» WORK REQUIRED: Look through the listing and locate every line containing the word "forall"; copy those lines.

» DATA RECORDS:
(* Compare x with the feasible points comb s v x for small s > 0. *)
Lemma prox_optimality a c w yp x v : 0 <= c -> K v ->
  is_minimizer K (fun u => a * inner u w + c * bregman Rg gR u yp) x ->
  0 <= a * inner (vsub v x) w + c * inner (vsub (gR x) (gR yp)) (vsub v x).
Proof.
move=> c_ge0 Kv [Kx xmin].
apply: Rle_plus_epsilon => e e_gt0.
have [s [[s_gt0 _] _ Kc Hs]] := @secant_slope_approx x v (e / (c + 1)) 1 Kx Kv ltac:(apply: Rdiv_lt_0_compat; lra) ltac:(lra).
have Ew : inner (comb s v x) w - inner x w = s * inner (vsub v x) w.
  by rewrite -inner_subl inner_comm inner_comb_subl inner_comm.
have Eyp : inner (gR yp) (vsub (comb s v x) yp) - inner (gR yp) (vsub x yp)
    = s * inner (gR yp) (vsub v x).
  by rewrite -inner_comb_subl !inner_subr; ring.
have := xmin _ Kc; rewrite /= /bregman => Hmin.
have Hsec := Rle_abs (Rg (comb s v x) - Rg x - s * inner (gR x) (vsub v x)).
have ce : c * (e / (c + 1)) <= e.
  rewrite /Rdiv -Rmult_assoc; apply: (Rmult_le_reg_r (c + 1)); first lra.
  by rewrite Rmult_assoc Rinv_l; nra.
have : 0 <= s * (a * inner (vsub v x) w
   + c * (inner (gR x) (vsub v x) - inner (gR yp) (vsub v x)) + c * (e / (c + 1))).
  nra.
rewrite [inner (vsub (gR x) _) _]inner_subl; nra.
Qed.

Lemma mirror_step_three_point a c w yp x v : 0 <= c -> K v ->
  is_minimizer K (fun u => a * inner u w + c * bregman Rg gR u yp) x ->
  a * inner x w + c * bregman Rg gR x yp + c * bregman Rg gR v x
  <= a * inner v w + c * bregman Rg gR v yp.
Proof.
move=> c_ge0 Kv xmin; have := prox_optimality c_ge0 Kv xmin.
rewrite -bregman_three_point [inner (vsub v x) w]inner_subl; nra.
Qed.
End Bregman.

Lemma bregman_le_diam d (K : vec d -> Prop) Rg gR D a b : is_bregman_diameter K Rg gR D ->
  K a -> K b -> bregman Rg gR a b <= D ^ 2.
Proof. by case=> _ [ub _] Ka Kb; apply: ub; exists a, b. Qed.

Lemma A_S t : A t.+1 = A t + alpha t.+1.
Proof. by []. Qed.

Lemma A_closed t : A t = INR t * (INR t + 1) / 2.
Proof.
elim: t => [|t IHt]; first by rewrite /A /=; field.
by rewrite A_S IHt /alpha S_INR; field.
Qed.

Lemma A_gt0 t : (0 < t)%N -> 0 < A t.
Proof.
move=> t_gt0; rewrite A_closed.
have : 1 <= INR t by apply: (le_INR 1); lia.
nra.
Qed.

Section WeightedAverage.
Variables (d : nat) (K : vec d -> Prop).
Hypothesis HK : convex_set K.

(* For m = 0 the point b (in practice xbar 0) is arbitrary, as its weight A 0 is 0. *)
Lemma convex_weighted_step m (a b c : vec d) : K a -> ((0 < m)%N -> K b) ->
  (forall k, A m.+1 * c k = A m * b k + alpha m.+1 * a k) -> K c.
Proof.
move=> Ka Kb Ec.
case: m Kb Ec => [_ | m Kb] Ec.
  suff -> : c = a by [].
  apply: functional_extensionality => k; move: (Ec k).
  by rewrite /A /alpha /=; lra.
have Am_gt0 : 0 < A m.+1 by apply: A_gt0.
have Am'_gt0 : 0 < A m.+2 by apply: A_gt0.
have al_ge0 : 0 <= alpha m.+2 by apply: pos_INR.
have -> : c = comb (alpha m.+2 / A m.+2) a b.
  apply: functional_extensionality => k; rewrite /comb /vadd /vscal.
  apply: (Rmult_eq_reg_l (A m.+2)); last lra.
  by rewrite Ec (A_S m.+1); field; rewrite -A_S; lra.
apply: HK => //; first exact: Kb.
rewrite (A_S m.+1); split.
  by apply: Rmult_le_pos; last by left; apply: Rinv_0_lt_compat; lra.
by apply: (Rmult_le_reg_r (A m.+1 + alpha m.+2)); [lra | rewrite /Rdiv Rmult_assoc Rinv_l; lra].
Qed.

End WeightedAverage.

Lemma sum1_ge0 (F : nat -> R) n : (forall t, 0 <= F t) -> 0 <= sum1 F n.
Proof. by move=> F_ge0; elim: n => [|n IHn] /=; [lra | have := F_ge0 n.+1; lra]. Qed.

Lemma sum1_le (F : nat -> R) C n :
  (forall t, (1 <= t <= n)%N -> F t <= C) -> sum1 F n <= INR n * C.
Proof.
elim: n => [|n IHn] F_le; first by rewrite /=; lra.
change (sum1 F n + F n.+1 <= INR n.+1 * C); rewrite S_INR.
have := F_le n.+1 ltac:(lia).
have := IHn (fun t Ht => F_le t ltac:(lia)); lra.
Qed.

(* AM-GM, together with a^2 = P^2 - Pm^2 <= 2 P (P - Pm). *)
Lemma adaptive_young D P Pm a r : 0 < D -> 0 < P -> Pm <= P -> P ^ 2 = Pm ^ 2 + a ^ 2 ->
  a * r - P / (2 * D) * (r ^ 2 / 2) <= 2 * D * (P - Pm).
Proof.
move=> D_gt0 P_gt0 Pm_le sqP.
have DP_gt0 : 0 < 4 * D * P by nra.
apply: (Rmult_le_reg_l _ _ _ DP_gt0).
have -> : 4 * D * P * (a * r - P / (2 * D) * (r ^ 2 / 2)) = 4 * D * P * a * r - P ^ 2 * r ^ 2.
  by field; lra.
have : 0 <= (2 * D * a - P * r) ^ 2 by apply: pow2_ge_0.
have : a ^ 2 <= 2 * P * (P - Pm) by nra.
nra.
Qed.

» RESULT OF THIS TASK:
  (forall k, A m.+1 * c k = A m * b k + alpha m.+1 * a k) -> K c.
Lemma sum1_ge0 (F : nat -> R) n : (forall t, 0 <= F t) -> 0 <= sum1 F n.
  (forall t, (1 <= t <= n)%N -> F t <= C) -> sum1 F n <= INR n * C.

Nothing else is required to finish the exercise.